[Task instructions]: Please output exactly the part of the records below that opens with the line containing "0 < chi -> a" and closes with the line containing "(Hg_der : forall", both lines included, and nothing else.

Start of Supplied data

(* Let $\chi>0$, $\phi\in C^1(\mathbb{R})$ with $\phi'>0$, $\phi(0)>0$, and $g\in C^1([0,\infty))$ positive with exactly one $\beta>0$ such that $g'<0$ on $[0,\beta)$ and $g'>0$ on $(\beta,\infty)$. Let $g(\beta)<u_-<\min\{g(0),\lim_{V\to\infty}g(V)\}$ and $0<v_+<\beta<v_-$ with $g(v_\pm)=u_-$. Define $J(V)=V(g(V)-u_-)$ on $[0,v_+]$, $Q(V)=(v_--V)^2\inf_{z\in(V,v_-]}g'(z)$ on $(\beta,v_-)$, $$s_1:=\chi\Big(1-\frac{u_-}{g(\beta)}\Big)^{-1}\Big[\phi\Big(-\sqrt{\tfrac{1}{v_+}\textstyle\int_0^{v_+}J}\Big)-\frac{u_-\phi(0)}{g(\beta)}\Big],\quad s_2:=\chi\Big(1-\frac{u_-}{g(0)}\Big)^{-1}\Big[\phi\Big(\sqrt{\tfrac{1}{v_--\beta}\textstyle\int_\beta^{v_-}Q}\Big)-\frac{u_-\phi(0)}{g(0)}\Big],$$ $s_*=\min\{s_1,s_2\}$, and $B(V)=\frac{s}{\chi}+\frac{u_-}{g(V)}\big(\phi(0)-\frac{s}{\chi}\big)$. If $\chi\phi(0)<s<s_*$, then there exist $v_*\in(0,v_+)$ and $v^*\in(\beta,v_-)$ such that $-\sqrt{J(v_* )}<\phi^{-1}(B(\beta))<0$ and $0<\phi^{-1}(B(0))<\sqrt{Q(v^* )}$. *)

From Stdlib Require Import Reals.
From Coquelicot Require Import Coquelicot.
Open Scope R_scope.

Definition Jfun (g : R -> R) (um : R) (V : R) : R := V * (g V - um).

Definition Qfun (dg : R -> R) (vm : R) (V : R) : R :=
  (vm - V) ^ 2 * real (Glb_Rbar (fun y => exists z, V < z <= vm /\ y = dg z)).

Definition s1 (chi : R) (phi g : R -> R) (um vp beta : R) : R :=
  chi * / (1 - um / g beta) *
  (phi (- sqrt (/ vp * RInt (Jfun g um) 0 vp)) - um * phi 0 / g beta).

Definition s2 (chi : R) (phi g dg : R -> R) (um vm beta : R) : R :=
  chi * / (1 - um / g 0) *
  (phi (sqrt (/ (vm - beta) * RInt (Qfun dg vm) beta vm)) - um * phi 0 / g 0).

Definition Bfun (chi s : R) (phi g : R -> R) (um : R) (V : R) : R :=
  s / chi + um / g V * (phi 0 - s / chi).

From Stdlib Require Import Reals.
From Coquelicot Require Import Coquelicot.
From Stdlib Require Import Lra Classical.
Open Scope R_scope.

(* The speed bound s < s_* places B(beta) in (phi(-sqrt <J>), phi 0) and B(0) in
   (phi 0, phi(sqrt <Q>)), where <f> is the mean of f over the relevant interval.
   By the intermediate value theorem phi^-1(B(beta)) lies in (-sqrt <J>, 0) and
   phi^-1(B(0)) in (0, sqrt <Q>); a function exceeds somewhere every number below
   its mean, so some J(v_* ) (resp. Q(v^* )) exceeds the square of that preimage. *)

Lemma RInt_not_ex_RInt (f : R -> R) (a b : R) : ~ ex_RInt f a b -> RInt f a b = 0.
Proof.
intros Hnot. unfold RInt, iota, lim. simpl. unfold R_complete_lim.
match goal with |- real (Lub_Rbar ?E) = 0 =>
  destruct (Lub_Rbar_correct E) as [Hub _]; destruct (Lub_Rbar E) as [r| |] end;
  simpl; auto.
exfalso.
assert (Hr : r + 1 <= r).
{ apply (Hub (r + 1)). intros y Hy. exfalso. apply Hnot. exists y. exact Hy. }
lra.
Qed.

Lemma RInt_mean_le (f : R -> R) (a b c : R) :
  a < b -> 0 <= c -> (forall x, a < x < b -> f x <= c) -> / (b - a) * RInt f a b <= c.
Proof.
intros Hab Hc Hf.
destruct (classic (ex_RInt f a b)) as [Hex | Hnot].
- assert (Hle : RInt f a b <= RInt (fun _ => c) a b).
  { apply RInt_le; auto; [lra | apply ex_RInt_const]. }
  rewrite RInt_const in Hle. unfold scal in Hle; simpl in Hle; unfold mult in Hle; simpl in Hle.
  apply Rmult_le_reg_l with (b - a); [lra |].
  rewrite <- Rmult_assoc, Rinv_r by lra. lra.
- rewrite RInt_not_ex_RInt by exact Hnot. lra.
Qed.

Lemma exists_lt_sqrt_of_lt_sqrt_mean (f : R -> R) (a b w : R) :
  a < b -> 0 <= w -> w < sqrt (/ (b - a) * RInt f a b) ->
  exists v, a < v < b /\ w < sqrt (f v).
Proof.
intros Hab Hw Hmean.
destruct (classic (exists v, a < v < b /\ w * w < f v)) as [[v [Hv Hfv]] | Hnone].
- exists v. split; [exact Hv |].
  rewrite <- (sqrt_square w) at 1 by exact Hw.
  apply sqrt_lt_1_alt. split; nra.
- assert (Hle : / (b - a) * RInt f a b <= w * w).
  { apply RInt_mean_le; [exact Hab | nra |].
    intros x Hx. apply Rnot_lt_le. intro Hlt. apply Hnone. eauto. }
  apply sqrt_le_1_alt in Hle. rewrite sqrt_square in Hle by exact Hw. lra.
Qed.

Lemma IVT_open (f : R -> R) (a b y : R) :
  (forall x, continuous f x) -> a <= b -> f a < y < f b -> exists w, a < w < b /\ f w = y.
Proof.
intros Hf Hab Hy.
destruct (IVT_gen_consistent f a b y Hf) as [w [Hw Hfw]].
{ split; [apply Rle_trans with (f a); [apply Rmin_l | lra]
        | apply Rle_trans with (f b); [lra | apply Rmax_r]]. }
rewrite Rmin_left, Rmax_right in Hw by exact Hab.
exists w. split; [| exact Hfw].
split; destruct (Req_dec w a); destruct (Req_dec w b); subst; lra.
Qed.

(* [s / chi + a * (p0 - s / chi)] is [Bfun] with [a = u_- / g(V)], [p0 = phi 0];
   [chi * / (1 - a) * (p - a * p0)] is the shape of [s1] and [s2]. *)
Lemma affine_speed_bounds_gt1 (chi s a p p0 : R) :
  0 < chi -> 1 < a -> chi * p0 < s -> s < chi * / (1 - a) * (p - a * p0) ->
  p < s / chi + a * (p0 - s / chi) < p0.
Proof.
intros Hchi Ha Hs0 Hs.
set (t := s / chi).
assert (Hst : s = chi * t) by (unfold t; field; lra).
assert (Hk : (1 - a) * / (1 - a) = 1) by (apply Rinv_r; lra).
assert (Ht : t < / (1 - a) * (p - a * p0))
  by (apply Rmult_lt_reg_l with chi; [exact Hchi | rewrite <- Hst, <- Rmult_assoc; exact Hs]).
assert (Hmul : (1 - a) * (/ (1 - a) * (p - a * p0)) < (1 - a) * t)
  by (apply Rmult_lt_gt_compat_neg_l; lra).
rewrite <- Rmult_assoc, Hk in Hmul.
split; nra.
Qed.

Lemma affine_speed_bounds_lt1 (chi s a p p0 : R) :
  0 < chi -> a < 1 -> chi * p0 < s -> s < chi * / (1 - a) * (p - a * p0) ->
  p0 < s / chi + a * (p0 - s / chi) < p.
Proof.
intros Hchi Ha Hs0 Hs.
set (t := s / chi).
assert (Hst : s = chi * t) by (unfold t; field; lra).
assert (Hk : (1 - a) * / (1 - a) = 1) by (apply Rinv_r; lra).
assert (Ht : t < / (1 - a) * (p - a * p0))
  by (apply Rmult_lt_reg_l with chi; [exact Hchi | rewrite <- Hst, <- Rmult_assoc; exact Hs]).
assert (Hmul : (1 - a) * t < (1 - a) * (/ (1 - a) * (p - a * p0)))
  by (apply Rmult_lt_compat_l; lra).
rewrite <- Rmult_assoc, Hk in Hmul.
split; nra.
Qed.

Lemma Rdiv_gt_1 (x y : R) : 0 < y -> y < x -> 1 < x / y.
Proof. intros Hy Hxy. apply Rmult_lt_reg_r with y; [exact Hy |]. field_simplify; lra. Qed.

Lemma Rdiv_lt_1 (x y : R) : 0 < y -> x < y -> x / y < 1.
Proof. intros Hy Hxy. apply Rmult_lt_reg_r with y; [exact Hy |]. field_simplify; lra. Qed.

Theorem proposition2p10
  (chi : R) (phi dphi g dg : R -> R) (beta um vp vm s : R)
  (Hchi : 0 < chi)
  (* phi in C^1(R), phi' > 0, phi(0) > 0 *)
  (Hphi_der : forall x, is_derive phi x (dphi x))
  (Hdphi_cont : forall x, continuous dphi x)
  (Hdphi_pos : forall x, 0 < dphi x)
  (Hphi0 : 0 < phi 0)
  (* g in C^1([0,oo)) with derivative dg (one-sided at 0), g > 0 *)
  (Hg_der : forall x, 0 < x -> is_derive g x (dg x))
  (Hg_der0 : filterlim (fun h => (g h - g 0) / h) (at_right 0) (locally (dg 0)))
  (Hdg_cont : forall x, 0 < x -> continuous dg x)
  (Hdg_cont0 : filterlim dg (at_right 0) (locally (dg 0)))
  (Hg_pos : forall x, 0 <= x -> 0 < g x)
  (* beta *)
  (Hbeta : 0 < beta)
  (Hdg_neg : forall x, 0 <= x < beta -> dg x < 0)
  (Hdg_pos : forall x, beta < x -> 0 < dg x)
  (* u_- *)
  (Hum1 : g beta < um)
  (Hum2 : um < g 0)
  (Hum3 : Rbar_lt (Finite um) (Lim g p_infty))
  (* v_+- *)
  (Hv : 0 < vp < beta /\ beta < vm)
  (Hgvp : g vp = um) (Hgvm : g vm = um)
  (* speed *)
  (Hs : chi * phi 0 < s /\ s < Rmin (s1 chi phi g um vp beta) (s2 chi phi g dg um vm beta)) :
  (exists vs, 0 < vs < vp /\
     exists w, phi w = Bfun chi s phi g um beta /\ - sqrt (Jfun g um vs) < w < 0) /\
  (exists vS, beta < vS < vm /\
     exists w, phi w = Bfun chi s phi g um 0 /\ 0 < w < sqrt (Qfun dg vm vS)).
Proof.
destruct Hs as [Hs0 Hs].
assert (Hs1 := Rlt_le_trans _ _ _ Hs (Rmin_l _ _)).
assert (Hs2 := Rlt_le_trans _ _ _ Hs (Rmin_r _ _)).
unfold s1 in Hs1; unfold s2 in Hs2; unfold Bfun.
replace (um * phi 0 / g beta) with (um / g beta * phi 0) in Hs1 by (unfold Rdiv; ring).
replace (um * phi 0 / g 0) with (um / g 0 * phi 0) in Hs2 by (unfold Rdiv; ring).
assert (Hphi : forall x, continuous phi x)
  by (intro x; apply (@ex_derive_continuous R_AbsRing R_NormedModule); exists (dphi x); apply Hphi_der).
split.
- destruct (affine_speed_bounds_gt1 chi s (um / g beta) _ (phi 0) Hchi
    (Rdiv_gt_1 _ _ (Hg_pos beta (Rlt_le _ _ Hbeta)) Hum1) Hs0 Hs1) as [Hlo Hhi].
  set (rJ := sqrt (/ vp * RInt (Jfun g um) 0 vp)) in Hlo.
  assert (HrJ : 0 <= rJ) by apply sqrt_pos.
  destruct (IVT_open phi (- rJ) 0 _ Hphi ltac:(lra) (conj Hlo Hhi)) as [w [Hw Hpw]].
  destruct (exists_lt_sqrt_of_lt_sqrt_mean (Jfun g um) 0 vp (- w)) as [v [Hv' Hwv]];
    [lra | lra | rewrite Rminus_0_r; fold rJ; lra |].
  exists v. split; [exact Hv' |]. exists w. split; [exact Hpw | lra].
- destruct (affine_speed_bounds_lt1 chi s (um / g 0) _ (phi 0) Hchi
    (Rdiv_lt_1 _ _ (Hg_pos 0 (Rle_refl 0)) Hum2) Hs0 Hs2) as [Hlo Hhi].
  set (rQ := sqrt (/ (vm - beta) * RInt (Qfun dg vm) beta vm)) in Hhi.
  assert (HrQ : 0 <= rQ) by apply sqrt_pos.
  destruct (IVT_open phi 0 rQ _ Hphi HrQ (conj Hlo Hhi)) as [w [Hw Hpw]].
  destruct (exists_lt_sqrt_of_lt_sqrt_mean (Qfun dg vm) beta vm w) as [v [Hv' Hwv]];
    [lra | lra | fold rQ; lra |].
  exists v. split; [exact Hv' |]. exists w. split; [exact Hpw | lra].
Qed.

End of Supplied data
Start of Supplied data

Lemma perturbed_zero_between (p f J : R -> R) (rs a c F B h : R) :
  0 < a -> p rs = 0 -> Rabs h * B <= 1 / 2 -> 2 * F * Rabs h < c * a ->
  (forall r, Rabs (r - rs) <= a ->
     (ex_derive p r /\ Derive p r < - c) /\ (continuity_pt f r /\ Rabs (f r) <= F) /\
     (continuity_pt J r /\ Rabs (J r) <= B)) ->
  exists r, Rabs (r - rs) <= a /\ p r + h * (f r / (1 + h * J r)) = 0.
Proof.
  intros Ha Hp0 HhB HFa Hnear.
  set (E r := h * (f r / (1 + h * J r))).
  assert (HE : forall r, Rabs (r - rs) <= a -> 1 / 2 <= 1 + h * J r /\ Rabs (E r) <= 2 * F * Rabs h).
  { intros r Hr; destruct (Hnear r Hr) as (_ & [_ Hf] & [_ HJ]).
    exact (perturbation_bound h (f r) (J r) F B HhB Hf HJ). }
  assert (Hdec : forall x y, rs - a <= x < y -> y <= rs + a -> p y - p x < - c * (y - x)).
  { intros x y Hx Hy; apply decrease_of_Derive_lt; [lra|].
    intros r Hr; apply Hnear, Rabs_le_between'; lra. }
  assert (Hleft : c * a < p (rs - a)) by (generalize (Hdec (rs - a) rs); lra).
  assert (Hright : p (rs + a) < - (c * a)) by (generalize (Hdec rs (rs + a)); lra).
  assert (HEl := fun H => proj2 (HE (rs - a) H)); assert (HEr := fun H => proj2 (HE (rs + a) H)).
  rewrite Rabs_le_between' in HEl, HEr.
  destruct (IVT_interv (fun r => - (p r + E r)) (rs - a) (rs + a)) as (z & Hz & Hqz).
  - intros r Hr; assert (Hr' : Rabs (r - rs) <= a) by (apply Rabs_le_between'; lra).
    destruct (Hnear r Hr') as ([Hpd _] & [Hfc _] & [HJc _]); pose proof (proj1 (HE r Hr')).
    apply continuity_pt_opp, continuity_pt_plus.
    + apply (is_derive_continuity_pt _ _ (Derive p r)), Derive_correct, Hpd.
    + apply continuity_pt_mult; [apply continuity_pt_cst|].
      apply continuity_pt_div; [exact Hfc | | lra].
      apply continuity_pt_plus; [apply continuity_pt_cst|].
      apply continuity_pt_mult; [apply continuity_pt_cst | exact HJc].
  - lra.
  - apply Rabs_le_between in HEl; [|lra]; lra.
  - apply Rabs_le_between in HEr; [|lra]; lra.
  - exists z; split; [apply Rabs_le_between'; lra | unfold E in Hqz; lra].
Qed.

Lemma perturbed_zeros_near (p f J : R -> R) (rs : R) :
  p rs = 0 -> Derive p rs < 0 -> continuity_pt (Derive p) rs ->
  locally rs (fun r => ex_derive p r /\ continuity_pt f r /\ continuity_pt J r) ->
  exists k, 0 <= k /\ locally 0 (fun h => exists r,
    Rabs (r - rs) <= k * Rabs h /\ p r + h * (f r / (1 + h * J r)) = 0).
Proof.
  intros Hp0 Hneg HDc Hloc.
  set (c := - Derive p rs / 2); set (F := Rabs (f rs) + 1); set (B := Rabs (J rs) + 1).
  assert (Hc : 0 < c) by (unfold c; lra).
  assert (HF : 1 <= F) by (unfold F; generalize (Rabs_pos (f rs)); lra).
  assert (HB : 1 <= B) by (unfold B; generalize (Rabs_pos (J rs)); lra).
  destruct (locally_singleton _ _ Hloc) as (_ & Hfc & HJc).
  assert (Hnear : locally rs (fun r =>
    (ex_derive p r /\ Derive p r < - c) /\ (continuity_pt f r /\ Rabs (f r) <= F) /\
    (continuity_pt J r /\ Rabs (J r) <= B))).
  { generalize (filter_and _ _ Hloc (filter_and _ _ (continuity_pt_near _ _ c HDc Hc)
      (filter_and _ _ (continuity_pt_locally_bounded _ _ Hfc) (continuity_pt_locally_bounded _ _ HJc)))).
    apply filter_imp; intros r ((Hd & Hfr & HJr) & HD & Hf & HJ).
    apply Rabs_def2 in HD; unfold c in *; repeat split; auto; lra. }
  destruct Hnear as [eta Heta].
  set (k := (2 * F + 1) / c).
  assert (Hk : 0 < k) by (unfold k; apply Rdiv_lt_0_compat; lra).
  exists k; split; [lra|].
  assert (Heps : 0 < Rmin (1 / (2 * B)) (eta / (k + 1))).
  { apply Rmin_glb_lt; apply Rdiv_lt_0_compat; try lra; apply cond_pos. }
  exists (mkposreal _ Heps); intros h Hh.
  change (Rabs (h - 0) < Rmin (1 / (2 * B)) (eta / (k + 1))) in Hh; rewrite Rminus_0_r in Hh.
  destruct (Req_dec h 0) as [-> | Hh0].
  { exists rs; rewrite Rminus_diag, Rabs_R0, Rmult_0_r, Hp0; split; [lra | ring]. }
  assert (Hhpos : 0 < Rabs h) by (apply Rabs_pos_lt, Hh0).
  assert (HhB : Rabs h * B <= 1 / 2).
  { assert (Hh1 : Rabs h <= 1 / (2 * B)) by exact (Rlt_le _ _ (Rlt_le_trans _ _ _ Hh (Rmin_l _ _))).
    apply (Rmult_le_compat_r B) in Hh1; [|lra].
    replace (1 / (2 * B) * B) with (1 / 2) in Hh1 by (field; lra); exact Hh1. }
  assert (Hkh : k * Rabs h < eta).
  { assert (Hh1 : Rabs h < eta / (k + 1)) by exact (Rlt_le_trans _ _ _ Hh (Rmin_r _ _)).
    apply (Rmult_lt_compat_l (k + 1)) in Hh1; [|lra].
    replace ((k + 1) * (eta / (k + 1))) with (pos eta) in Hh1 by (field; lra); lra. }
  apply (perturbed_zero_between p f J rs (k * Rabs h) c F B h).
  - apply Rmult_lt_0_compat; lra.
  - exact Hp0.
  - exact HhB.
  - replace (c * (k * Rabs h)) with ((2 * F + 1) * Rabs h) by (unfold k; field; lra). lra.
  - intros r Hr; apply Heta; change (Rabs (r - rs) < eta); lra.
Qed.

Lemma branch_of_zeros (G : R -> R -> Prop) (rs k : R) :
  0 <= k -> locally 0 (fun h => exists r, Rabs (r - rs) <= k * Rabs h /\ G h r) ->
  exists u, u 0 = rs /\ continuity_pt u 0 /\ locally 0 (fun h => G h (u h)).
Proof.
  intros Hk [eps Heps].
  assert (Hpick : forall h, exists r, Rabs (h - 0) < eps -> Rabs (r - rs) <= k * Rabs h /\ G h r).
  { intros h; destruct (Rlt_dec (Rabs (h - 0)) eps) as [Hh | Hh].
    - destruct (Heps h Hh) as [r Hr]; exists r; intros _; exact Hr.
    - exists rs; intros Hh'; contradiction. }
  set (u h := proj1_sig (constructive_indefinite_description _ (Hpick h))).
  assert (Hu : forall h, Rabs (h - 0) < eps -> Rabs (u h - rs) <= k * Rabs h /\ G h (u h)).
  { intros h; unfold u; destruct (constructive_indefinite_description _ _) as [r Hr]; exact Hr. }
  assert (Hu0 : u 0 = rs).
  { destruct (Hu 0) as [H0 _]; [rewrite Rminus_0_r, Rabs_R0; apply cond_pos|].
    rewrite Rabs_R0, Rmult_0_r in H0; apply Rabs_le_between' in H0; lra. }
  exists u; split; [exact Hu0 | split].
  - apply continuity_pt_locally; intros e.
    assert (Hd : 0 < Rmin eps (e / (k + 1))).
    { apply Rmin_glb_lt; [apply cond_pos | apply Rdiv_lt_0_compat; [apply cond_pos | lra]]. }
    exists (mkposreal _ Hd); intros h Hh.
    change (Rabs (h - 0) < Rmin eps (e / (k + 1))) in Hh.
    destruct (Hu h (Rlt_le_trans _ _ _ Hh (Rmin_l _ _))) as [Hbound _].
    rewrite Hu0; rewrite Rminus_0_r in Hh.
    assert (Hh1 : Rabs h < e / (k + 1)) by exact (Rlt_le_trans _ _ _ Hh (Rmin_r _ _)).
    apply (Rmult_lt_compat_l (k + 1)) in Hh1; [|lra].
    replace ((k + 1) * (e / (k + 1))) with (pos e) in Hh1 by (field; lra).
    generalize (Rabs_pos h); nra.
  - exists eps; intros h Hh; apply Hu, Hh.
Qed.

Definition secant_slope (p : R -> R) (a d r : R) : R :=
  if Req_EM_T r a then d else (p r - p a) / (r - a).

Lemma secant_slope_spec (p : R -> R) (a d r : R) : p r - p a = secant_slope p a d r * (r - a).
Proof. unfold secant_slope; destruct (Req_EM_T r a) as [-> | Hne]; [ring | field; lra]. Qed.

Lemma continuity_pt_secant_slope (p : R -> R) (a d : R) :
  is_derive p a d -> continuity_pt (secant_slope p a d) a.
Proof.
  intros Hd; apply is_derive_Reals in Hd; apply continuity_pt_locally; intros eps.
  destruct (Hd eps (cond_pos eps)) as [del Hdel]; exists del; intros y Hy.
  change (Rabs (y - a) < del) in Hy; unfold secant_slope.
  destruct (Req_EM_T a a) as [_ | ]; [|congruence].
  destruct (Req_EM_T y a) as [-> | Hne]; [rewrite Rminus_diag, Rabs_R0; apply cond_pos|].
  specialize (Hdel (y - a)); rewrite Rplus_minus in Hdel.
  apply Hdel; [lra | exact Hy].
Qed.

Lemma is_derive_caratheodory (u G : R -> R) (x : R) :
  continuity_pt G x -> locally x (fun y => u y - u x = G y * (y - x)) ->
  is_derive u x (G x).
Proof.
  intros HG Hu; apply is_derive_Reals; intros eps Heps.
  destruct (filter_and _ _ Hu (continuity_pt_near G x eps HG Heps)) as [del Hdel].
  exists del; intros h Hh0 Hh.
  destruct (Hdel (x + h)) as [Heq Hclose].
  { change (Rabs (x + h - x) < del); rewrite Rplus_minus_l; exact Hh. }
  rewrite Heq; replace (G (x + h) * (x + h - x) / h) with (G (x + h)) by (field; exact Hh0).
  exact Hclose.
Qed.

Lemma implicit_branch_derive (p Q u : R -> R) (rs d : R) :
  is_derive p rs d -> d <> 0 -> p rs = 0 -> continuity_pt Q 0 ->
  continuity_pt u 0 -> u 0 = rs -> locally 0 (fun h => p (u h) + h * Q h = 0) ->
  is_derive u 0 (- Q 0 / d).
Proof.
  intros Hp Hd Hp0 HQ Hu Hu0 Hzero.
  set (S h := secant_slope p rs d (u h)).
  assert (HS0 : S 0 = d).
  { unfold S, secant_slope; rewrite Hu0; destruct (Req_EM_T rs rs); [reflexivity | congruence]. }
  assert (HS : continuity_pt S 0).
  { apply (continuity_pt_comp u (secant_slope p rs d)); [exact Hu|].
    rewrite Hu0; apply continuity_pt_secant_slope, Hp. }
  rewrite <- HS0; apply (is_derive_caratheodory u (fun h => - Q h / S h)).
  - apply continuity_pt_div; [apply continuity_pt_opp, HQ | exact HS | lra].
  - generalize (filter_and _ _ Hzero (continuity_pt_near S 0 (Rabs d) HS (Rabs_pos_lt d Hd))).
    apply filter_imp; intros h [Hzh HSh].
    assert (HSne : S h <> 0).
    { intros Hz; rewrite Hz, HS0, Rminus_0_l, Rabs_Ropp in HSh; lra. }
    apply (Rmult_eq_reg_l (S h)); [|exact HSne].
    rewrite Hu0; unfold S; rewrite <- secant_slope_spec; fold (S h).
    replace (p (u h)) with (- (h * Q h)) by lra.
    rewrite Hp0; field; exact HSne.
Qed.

End of Supplied data

[Task output]:
  0 < chi -> a < 1 -> chi * p0 < s -> s < chi * / (1 - a) * (p - a * p0) ->
  p0 < s / chi + a * (p0 - s / chi) < p.
Proof.
intros Hchi Ha Hs0 Hs.
set (t := s / chi).
assert (Hst : s = chi * t) by (unfold t; field; lra).
assert (Hk : (1 - a) * / (1 - a) = 1) by (apply Rinv_r; lra).
assert (Ht : t < / (1 - a) * (p - a * p0))
  by (apply Rmult_lt_reg_l with chi; [exact Hchi | rewrite <- Hst, <- Rmult_assoc; exact Hs]).
assert (Hmul : (1 - a) * t < (1 - a) * (/ (1 - a) * (p - a * p0)))
  by (apply Rmult_lt_compat_l; lra).
rewrite <- Rmult_assoc, Hk in Hmul.
split; nra.
Qed.

Lemma Rdiv_gt_1 (x y : R) : 0 < y -> y < x -> 1 < x / y.
Proof. intros Hy Hxy. apply Rmult_lt_reg_r with y; [exact Hy |]. field_simplify; lra. Qed.

Lemma Rdiv_lt_1 (x y : R) : 0 < y -> x < y -> x / y < 1.
Proof. intros Hy Hxy. apply Rmult_lt_reg_r with y; [exact Hy |]. field_simplify; lra. Qed.

Theorem proposition2p10
  (chi : R) (phi dphi g dg : R -> R) (beta um vp vm s : R)
  (Hchi : 0 < chi)
  (* phi in C^1(R), phi' > 0, phi(0) > 0 *)
  (Hphi_der : forall x, is_derive phi x (dphi x))
  (Hdphi_cont : forall x, continuous dphi x)
  (Hdphi_pos : forall x, 0 < dphi x)
  (Hphi0 : 0 < phi 0)
  (* g in C^1([0,oo)) with derivative dg (one-sided at 0), g > 0 *)
  (Hg_der : forall x, 0 < x -> is_derive g x (dg x))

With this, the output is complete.